## Work order
Each entry should be written out again exactly, so that nothing is lost.

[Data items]
************

Lemma qfi_model a b g d pb pg pd lam :
  qfi (model a b g d pb pg pd) lam
  = 4 *: covmx bell_sign (fun m => [:: (a ^+ 2 + d ^+ 2 + 2 * a * d * cos pd) / 2;
                                       (a ^+ 2 + d ^+ 2 - 2 * a * d * cos pd) / 2;
                                       (b ^+ 2 + g ^+ 2 + 2 * b * g * cos (pb - pg)) / 2;
                                       (b ^+ 2 + g ^+ 2 - 2 * b * g * cos (pb - pg)) / 2]`_m).
Proof.
have -> : model a b g d pb pg pd
          = phase_model bell_sign bell (bell_amplitude (probe a b g d pb pg pd)).
  by apply/funext => l; exact: Ulam_mulmx.
rewrite (qfi_phase_model bell_sign bell_orthogonal); congr (_ *: covmx _ _).
by apply/funext => m; exact: probe_populations.
Qed.

Lemma det_covmx_bell (x0 x1 x2 x3 : R) : x0 + x1 + x2 + x3 = 1 ->
  \det (covmx bell_sign (fun m => [:: x0; x1; x2; x3]`_m)) = 256 * (x0 * x1 * x2 * x3).
Proof.
move=> sum1; have -> : x3 = 1 - x0 - x1 - x2 by rewrite -sum1; ring.
rewrite (expand_det_row _ ord0) !big_ord_recr big_ord0 /= /cofactor.
rewrite !(expand_det_row _ ord0) !big_ord_recr !big_ord0 /= /cofactor !det_mx11 !mxE /=.
by rewrite !big_ord_recr !big_ord0 /bell_sign /=; ring.
Qed.

Lemma sum_cofactor_covmx_bell (x0 x1 x2 x3 : R) : x0 + x1 + x2 + x3 = 1 ->
  \sum_j cofactor (covmx bell_sign (fun m => [:: x0; x1; x2; x3]`_m)) j j
  = 48 * (x1 * x2 * x3 + x0 * x2 * x3 + x0 * x1 * x3 + x0 * x1 * x2).
Proof.
move=> sum1; have -> : x3 = 1 - x0 - x1 - x2 by rewrite -sum1; ring.
rewrite !big_ord_recr big_ord0 /= /cofactor.
rewrite !(expand_det_row _ ord0) !big_ord_recr !big_ord0 /= /cofactor !det_mx11 !mxE /=.
by rewrite !big_ord_recr !big_ord0 /bell_sign /=; ring.
Qed.
End BellBasis.

Local Close Scope complex_scope.

Lemma four_mul_population_pair (R : realType) (u v x : R) :
  4 * ((u ^+ 2 + v ^+ 2 + 2 * u * v * cos x) / 2) * ((u ^+ 2 + v ^+ 2 - 2 * u * v * cos x) / 2)
  = u ^+ 4 + v ^+ 4 - 2 * u ^+ 2 * v ^+ 2 * cos (2 * x).
Proof. by rewrite [2 * x]mulr_natl cos_mulr2n; field. Qed.

Theorem mainTheorem2 (R : realType) (a b g d pb pg pd : R) (lam : 'rV[R]_3) :
  0 <= a <= 1 -> 0 <= b <= 1 -> 0 <= g <= 1 -> 0 <= d <= 1 ->
  a ^+ 2 + b ^+ 2 + g ^+ 2 + d ^+ 2 = 1 ->
  0 <= pb < 2 * pi -> 0 <= pg < 2 * pi -> 0 <= pd < 2 * pi ->
  let Q := qfi (model a b g d pb pg pd) lam in
  \det Q = 1024 * (a ^+ 4 + d ^+ 4 - 2 * a ^+ 2 * d ^+ 2 * cos (2 * pd))
                * (b ^+ 4 + g ^+ 4 - 2 * b ^+ 2 * g ^+ 2 * cos (2 * (pb - pg)))
  /\
  (Q \in unitmx ->
   \tr (invmx Q) =
     3 / 16 * ((a ^+ 2 + d ^+ 2) /
                 (a ^+ 4 - 2 * a ^+ 2 * d ^+ 2 * cos (2 * pd) + d ^+ 4)
             + (b ^+ 2 + g ^+ 2) /
                 (b ^+ 4 - 2 * b ^+ 2 * g ^+ 2 * cos (2 * (pb - pg)) + g ^+ 4))).
Proof.
move=> _ _ _ _ normalised _ _ _ Q; move: (qfi_model a b g d pb pg pd lam); rewrite -/Q.
set x0 := (a ^+ 2 + d ^+ 2 + 2 * a * d * cos pd) / 2.
set x1 := (a ^+ 2 + d ^+ 2 - 2 * a * d * cos pd) / 2.
set x2 := (b ^+ 2 + g ^+ 2 + 2 * b * g * cos (pb - pg)) / 2.
set x3 := (b ^+ 2 + g ^+ 2 - 2 * b * g * cos (pb - pg)) / 2.
set M := covmx _ _ => QE.
have sum1 : x0 + x1 + x2 + x3 = 1 by rewrite -normalised /x0 /x1 /x2 /x3; field.
have detM : \det M = 256 * (x0 * x1 * x2 * x3) by exact: det_covmx_bell.
have norm01 : a ^+ 2 + d ^+ 2 = x0 + x1 by rewrite /x0 /x1; field.
have norm23 : b ^+ 2 + g ^+ 2 = x2 + x3 by rewrite /x2 /x3; field.
rewrite [a ^+ 4 - _ + _]addrAC [b ^+ 4 - _ + _]addrAC -!four_mul_population_pair.
rewrite -/x0 -/x1 -/x2 -/x3; split=> [|unitQ]; first by rewrite QE detZ detM; ring.
have unit4 : (4 : R) \is a GRing.unit by rewrite unitfE pnatr_eq0.
have unitM : M \in unitmx by rewrite -(unitmxZ _ unit4) -QE.
rewrite QE invmxZ -?QE // mxtraceZ mxtrace_invmx // sum_cofactor_covmx_bell // detM.
rewrite norm01 norm23; clearbody x0 x1 x2 x3.
have : x0 * x1 * x2 * x3 != 0.
  by apply: contraTneq unitM => x0123; rewrite unitmxE detM x0123 mulr0 unitr0.
rewrite !mulf_eq0 !negb_or => /andP[/andP[/andP[x0nz x1nz] x2nz] x3nz].
by field; rewrite x0nz x1nz x2nz x3nz.
Qed.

************

## Written reply
Lemma qfi_model a b g d pb pg pd lam :
  qfi (model a b g d pb pg pd) lam
  = 4 *: covmx bell_sign (fun m => [:: (a ^+ 2 + d ^+ 2 + 2 * a * d * cos pd) / 2;
                                       (a ^+ 2 + d ^+ 2 - 2 * a * d * cos pd) / 2;
                                       (b ^+ 2 + g ^+ 2 + 2 * b * g * cos (pb - pg)) / 2;
                                       (b ^+ 2 + g ^+ 2 - 2 * b * g * cos (pb - pg)) / 2]`_m).
Proof.
have -> : model a b g d pb pg pd
          = phase_model bell_sign bell (bell_amplitude (probe a b g d pb pg pd)).
  by apply/funext => l; exact: Ulam_mulmx.
rewrite (qfi_phase_model bell_sign bell_orthogonal); congr (_ *: covmx _ _).
by apply/funext => m; exact: probe_populations.
Qed.

Lemma det_covmx_bell (x0 x1 x2 x3 : R) : x0 + x1 + x2 + x3 = 1 ->
  \det (covmx bell_sign (fun m => [:: x0; x1; x2; x3]`_m)) = 256 * (x0 * x1 * x2 * x3).
Proof.
move=> sum1; have -> : x3 = 1 - x0 - x1 - x2 by rewrite -sum1; ring.
rewrite (expand_det_row _ ord0) !big_ord_recr big_ord0 /= /cofactor.
rewrite !(expand_det_row _ ord0) !big_ord_recr !big_ord0 /= /cofactor !det_mx11 !mxE /=.
by rewrite !big_ord_recr !big_ord0 /bell_sign /=; ring.
Qed.

Lemma sum_cofactor_covmx_bell (x0 x1 x2 x3 : R) : x0 + x1 + x2 + x3 = 1 ->
  \sum_j cofactor (covmx bell_sign (fun m => [:: x0; x1; x2; x3]`_m)) j j
  = 48 * (x1 * x2 * x3 + x0 * x2 * x3 + x0 * x1 * x3 + x0 * x1 * x2).
Proof.
move=> sum1; have -> : x3 = 1 - x0 - x1 - x2 by rewrite -sum1; ring.
rewrite !big_ord_recr big_ord0 /= /cofactor.
rewrite !(expand_det_row _ ord0) !big_ord_recr !big_ord0 /= /cofactor !det_mx11 !mxE /=.
by rewrite !big_ord_recr !big_ord0 /bell_sign /=; ring.
Qed.
End BellBasis.

Local Close Scope complex_scope.

Lemma four_mul_population_pair (R : realType) (u v x : R) :
  4 * ((u ^+ 2 + v ^+ 2 + 2 * u * v * cos x) / 2) * ((u ^+ 2 + v ^+ 2 - 2 * u * v * cos x) / 2)
  = u ^+ 4 + v ^+ 4 - 2 * u ^+ 2 * v ^+ 2 * cos (2 * x).
Proof. by rewrite [2 * x]mulr_natl cos_mulr2n; field. Qed.

Theorem mainTheorem2 (R : realType) (a b g d pb pg pd : R) (lam : 'rV[R]_3) :
  0 <= a <= 1 -> 0 <= b <= 1 -> 0 <= g <= 1 -> 0 <= d <= 1 ->
  a ^+ 2 + b ^+ 2 + g ^+ 2 + d ^+ 2 = 1 ->
  0 <= pb < 2 * pi -> 0 <= pg < 2 * pi -> 0 <= pd < 2 * pi ->
  let Q := qfi (model a b g d pb pg pd) lam in
  \det Q = 1024 * (a ^+ 4 + d ^+ 4 - 2 * a ^+ 2 * d ^+ 2 * cos (2 * pd))
                * (b ^+ 4 + g ^+ 4 - 2 * b ^+ 2 * g ^+ 2 * cos (2 * (pb - pg)))
  /\
  (Q \in unitmx ->
   \tr (invmx Q) =
     3 / 16 * ((a ^+ 2 + d ^+ 2) /
                 (a ^+ 4 - 2 * a ^+ 2 * d ^+ 2 * cos (2 * pd) + d ^+ 4)
             + (b ^+ 2 + g ^+ 2) /
                 (b ^+ 4 - 2 * b ^+ 2 * g ^+ 2 * cos (2 * (pb - pg)) + g ^+ 4))).
Proof.
move=> _ _ _ _ normalised _ _ _ Q; move: (qfi_model a b g d pb pg pd lam); rewrite -/Q.
set x0 := (a ^+ 2 + d ^+ 2 + 2 * a * d * cos pd) / 2.
set x1 := (a ^+ 2 + d ^+ 2 - 2 * a * d * cos pd) / 2.
set x2 := (b ^+ 2 + g ^+ 2 + 2 * b * g * cos (pb - pg)) / 2.
set x3 := (b ^+ 2 + g ^+ 2 - 2 * b * g * cos (pb - pg)) / 2.
set M := covmx _ _ => QE.
have sum1 : x0 + x1 + x2 + x3 = 1 by rewrite -normalised /x0 /x1 /x2 /x3; field.
have detM : \det M = 256 * (x0 * x1 * x2 * x3) by exact: det_covmx_bell.
have norm01 : a ^+ 2 + d ^+ 2 = x0 + x1 by rewrite /x0 /x1; field.
have norm23 : b ^+ 2 + g ^+ 2 = x2 + x3 by rewrite /x2 /x3; field.
rewrite [a ^+ 4 - _ + _]addrAC [b ^+ 4 - _ + _]addrAC -!four_mul_population_pair.
rewrite -/x0 -/x1 -/x2 -/x3; split=> [|unitQ]; first by rewrite QE detZ detM; ring.
have unit4 : (4 : R) \is a GRing.unit by rewrite unitfE pnatr_eq0.
have unitM : M \in unitmx by rewrite -(unitmxZ _ unit4) -QE.
rewrite QE invmxZ -?QE // mxtraceZ mxtrace_invmx // sum_cofactor_covmx_bell // detM.
rewrite norm01 norm23; clearbody x0 x1 x2 x3.
have : x0 * x1 * x2 * x3 != 0.
  by apply: contraTneq unitM => x0123; rewrite unitmxE detM x0123 mulr0 unitr0.
rewrite !mulf_eq0 !negb_or => /andP[/andP[/andP[x0nz x1nz] x2nz] x3nz].
by field; rewrite x0nz x1nz x2nz x3nz.
Qed.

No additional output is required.